> _YOUR OBJECTIVE_
Retype, word for word, each line between the lines holding "Lemma indep_overtaken C" and "move: (u); rewrite", inclusive, and leave the rest of the data alone.

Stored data
BEGIN

Lemma foldl_meet_le (x : D) (l : seq D) v : v \in x :: l -> foldl Order.meet x l <= v.
Proof.
elim: l x v => [|y l IH] x v /=; first by rewrite inE => /eqP ->.
rewrite !inE => /or3P [/eqP ->|/eqP ->|vl].
- exact: le_trans (IH _ _ (mem_head _ _)) (leIl _ _).
- exact: le_trans (IH _ _ (mem_head _ _)) (leIr _ _).
- by apply: IH; rewrite inE vl orbT.
Qed.

Lemma bigmeet_le (l : seq D) v : v \in l -> bigmeet l <= v.
Proof. by case: l => [|x l] //; apply: foldl_meet_le. Qed.

Lemma bigmeet_const (l : seq D) v : v \in l -> {in l, forall w, w = v} -> bigmeet l = v.
Proof.
case: l => [|x l] //= _ h; rewrite (h x (mem_head _ _)).
have {h} : {in l, forall w, w = v} by move=> w wl; apply: h; rewrite inE wl orbT.
elim: l => [|y l IH] //= h; rewrite (h y (mem_head _ _)) meetxx.
by apply: IH => w wl; apply: h; rewrite inE wl orbT.
Qed.

End BigMeet.

Section Unfolding.
Variables (disp : Order.disp_t) (D : bLatticeType disp).
Variables (Fn : choiceType) (app : Fn -> D -> D) (d0 : D).
Variable indep : Fn -> Fn -> Prop.
Hypothesis HA : analysis_instance app.
Hypothesis HW : weak_independence app d0 indep.
Local Notation event := (ev Fn).
Local Notation reach := (reach app d0).

Definition labs (s : seq event) : seq Fn := map (@lab Fn) s.

Lemma run_cat x s t : run app x (s ++ t) = run app (run app x s) t.
Proof. exact: foldl_cat. Qed.

Lemma reach_run x t : reach x -> reach (run app x t).
Proof. by case=> s ->; exists (s ++ t); rewrite run_cat. Qed.

Lemma run_le x y t : x <= y -> run app x t <= run app y t.
Proof.
have [_ [mono _]] := HA.
by elim: t x y => [|g t IH] x y //= xy; apply/IH/mono.
Qed.

Lemma run_bot t : run app \bot t = \bot.
Proof. by have [_ [_ strict]] := HA; elim: t => [|g t IH] //=; rewrite strict. Qed.

Lemma app_run_indep f x t : reach x -> {in t, forall g, indep f g} ->
  app f (run app x t) = run app (app f x) t.
Proof.
have [_ [_ commute]] := HW.
elim: t x => [|g t IH] x //= rx ft.
rewrite IH; first by rewrite commute //; apply: ft; rewrite mem_head.
  by apply: (reach_run [:: g]).
by move=> g' g't; apply: ft; rewrite inE g't orbT.
Qed.

(* If [y] comes first in one linearization and after [a] in another, no event
   of [a] can be a cause or an effect of [y]; conflict-freeness then forces
   independence. *)
Lemma indep_overtaken C pre y s a b :
  conflict_free indep C -> {subset y :: s <= C} -> uniq (pre ++ y :: s) ->
  perm_eq (y :: s) (a ++ y :: b) -> respects C pre (y :: s) ->
  respects C pre a -> {in a, forall z, indep (lab y) (lab z)}.
Proof.
move=> cf sub u pe /andP [ry _] ra z za.
have yC : y \in C by apply: sub; rewrite mem_head.
have zC : z \in C by apply: sub; rewrite (perm_mem pe) mem_cat za.
move: (u); rewrite cat_uniq => /and3P [_ /hasPn pre_s uys].
have yna : y \notin a by move: uys; rewrite (perm_uniq pe) cat_uniq => /and3P [_ /norP []].
have zy : z != y by apply: contraNneq yna => <-.
have znh : z \notin hist y.
  apply/negP => /(allP ry); rewrite zC /=; apply/negP/pre_s.
  by rewrite (perm_mem pe) mem_cat za.
have ynh : y \notin hist z.
  apply/negP => /(respects_mem ra za)/(_ yC).
  by rewrite mem_cat (negbTE yna) orbF; apply/negP/pre_s/mem_head.
apply: NNPP => dep; apply: (cf y z yC zC).
exists y; first exact: mem_head.
exists z; first exact: mem_head.
by rewrite /dconf /loc !inE !negb_or zy znh eq_sym zy ynh.
Qed.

END

> _RESPONSE AREA_
Lemma indep_overtaken C pre y s a b :
  conflict_free indep C -> {subset y :: s <= C} -> uniq (pre ++ y :: s) ->
  perm_eq (y :: s) (a ++ y :: b) -> respects C pre (y :: s) ->
  respects C pre a -> {in a, forall z, indep (lab y) (lab z)}.
Proof.
move=> cf sub u pe /andP [ry _] ra z za.
have yC : y \in C by apply: sub; rewrite mem_head.
have zC : z \in C by apply: sub; rewrite (perm_mem pe) mem_cat za.
move: (u); rewrite cat_uniq => /and3P [_ /hasPn pre_s uys].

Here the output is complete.